Time seemed to slow down. Mellor swung his leg at the ball and, in total disbelief, every one of us stared in awe, mouths open, as it flew into the net.
The roar that followed was ear-splitting. Fists punched the air and people fell over their seats, some still hugging the person next to them. There was dancing in the stands and players piled on top of the unlikely hero, who had ran towards the Kop, chest pumped out, arm in the air.
He had scored a winner in front of the Kop with literally the last kick of the game – it simply does not get better than that.
The look on Campbell’s face spoke volumes, and I can only imagine the pain and anguish inflicted on the travelling Londoners. But that just made the victory taste all the sweeter.
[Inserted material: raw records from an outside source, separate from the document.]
(* Let $n\ge 0$ and $l$ be integers with $n\le l\le 2n$, and fix a linear ordering of the alphabet $\{E,D,N\}$. Then $$\sum_{W\in Sch_L(n,l)} q^{\mathrm{maj}(W)}=\frac{1}{[l-n+1]}\begin{bmatrix}2(l-n)\\ l-n\end{bmatrix}_q\begin{bmatrix} l\\ 2n-l\end{bmatrix}_q \quad\text{if } E<N,$$ and $$\sum_{W\in Sch_L(n,l)} q^{\mathrm{maj}(W)}=\frac{q^{\,l-n}}{[l-n+1]}\begin{bmatrix}2(l-n)\\ l-n\end{bmatrix}_q\begin{bmatrix} l\\ 2n-l\end{bmatrix}_q \quad\text{if } E>N.$$
   Context: A Delannoy path from $(0,0)$ to $(m,n)$ is a lattice path using only the steps $E=(1,0)$, $D=(1,1)$, $N=(0,1)$; a path with $l$ steps is identified with the word $W=w_1w_2\cdots w_l$ over the alphabet $\{E,D,N\}$. $Del(m,n,l)$ denotes the set of Delannoy paths from $(0,0)$ to $(m,n)$ with exactly $l$ steps. A Schröder $n$-path is a Delannoy path from $(0,0)$ to $(n,n)$ that never goes (strictly) above the line $y=x$; $Sch_L(n,l)$ is the set of Schröder $n$-paths with exactly $l$ steps. Given a linear ordering of $\{E,D,N\}$, an index $i$ with $1\le i\le l-1$ is a descent of $W$ if $w_i>w_{i+1}$, and $\mathrm{maj}(W)=\sum_{i \text{ descent}} i$. Notation: $[k]=1+q+\cdots+q^{k-1}$, $[k]!=[1][2]\cdots[k]$ (with $[0]!=1$), and $\begin{bmatrix}a\\ b\end{bmatrix}_q=\frac{[a]!}{[b]![a-b]!}$ for $0\le b\le a$. *)

From HB Require Import structures.
From mathcomp Require Import all_boot all_order all_algebra.
Set Implicit Arguments. Unset Strict Implicit. Unset Printing Implicit Defensive.
Import Order.TTheory GRing.Theory Num.Theory.

Definition step := 'I_3.
Definition E : step := @Ordinal 3 0 isT.
Definition D : step := @Ordinal 3 1 isT.
Definition N : step := @Ordinal 3 2 isT.

(* x-coordinate reached: number of E and D steps; y-coordinate: N and D steps *)
Definition xcoord (w : seq step) : nat := count (fun s => s != N) w.
Definition ycoord (w : seq step) : nat := count (fun s => s != E) w.

Definition schroeder (n : nat) (W : seq step) : bool :=
  [&& xcoord W == n, ycoord W == n &
      all (fun k => ycoord (take k W) <= xcoord (take k W)) (iota 0 (size W).+1)].

(* A linear ordering of {E,D,N} is given by an injective rank : step -> nat;
   index i (1-based, 1 <= i <= l-1) is a descent iff rank w_i > rank w_{i+1}. *)
Definition maj (rank : step -> nat) (W : seq step) : nat :=
  \sum_(i < (size W).-1)
     (if rank (nth E W i) > rank (nth E W i.+1) then i.+1 else 0).

Definition qF := {fraction {poly rat}}.
Definition qv : qF := FracField.tofrac 'X.
Local Open Scope ring_scope.
Definition qint (k : nat) : qF := \sum_(i < k) qv ^+ i.
Definition qfact (k : nat) : qF := \prod_(i < k) qint i.+1.
Definition qbinom (a b : nat) : qF := qfact a / (qfact b * qfact (a - b)).

From mathcomp Require Import all_boot all_order all_algebra.
From mathcomp Require Import ring zify.
Import GRing.Theory.

(* A Delannoy word W is encoded by the numbers a, b, d of its E, N, D steps;
   it is a Schroeder path iff it is "ballot" (every prefix has no more N+D
   than E+D steps, i.e. no more N than E) and a = b.  Appending one letter
   changes maj by |W| exactly when it creates a descent, which depends only
   on the last letter c of W.  Hence the refined generating function
   rgf a b d c e (ballot words with given counts, last letter c and last
   non-D letter e) satisfies a simple recursion in the length.
   We exhibit an explicit closed form cgf for it: a D-free factor ENgf a b e
   (ballot words over {E,N}, a q-ballot number) times a q-binomial counting
   the insertions of the d letters D, and check that cgf satisfies the same
   recursion (this reduces to q-Pascal identities).  Summing over c and e at
   a = b = l - n, d = 2n - l gives [l, 2n-l]_q times a q-Catalan number,
   which is the claimed formula. *)

Set Implicit Arguments.
Unset Strict Implicit.

Local Open Scope ring_scope.

Section QCalculus.
Variables (R : fieldType) (q : R).

Definition qn (k : nat) : R := \sum_(i < k) q ^+ i.
Definition qfac (k : nat) : R := \prod_(i < k) qn i.+1.
Definition qbin (a b : nat) : R := qfac a / (qfac b * qfac (a - b)).

(* The q-binomial extended by zero when k > n, and its shift k |-> k - 1
   (zero at k = 0); these are the forms in which Pascal's rules hold
   without side conditions. *)
Definition qchoose (n k : nat) : R := if (k <= n)%N then qbin n k else 0.
Definition qchoose_pred (n k : nat) : R := if k is k'.+1 then qchoose n k' else 0.

Lemma qn_mul k : qn k * (1 - q) = 1 - q ^+ k.
Proof.
elim: k => [|k IH]; first by rewrite /qn big_ord0 mul0r subrr.
rewrite /qn big_ord_recr /= mulrDl -/(qn k) IH exprS; ring.
Qed.

Lemma qnD a b : qn (a + b) = qn a + q ^+ a * qn b.
Proof.
rewrite /qn big_split_ord /=; congr (_ + _).
by rewrite mulr_sumr; apply: eq_bigr => i _; rewrite exprD.
Qed.

Lemma qnS k : qn k.+1 = qn k + q ^+ k.
Proof. by rewrite /qn big_ord_recr. Qed.

Lemma qn1 : qn 1 = 1.
Proof. by rewrite qnS /qn big_ord0 add0r expr0. Qed.

Lemma qfac0 : qfac 0 = 1.
Proof. by rewrite /qfac big_ord0. Qed.

Lemma qfacS k : qfac k.+1 = qfac k * qn k.+1.
Proof. by rewrite /qfac big_ord_recr. Qed.

Lemma qchoose_gt n k : (n < k)%N -> qchoose n k = 0.
Proof. by move=> h; rewrite /qchoose ifF //; apply/negbTE; rewrite -ltnNge. Qed.

Lemma qchoose_le n k : (k <= n)%N -> qchoose n k = qbin n k.
Proof. by move=> h; rewrite /qchoose h. Qed.

Lemma qchooseE j k : qchoose (k + j) k = qfac (k + j) / (qfac k * qfac j).
Proof. by rewrite /qchoose leq_addr /qbin addKn. Qed.

(* From now on q is not a root of unity, so no q-integer vanishes. *)
Hypothesis q_gen : forall k, (0 < k)%N -> 1 - q ^+ k != 0.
My abiding memory of that game, though, is coming home and listening to a commentary clip. I don’t know if it was Radio City or the club’s audio, but I can remember listening, with a beaming smile on my face, to John Aldridge in raptures as the goal went in.
— Liverpool FC (@LFC) November 28, 2022
“That’s for ’89,” he was saying. “They hurt us, they hurt my club and now it’s their turn to feel the pain. Yes, yes!”
Spot on John, spot on.
In the end the victory itself is but a footnote in the history of the club. Liverpool would have bigger fish to fry in 2005.
However, nobody will ever take that goal away from Neil Mellor and maybe, just maybe that was the moment that Rafa’s Liverpool first learned that the game ain’t over, until it’s over.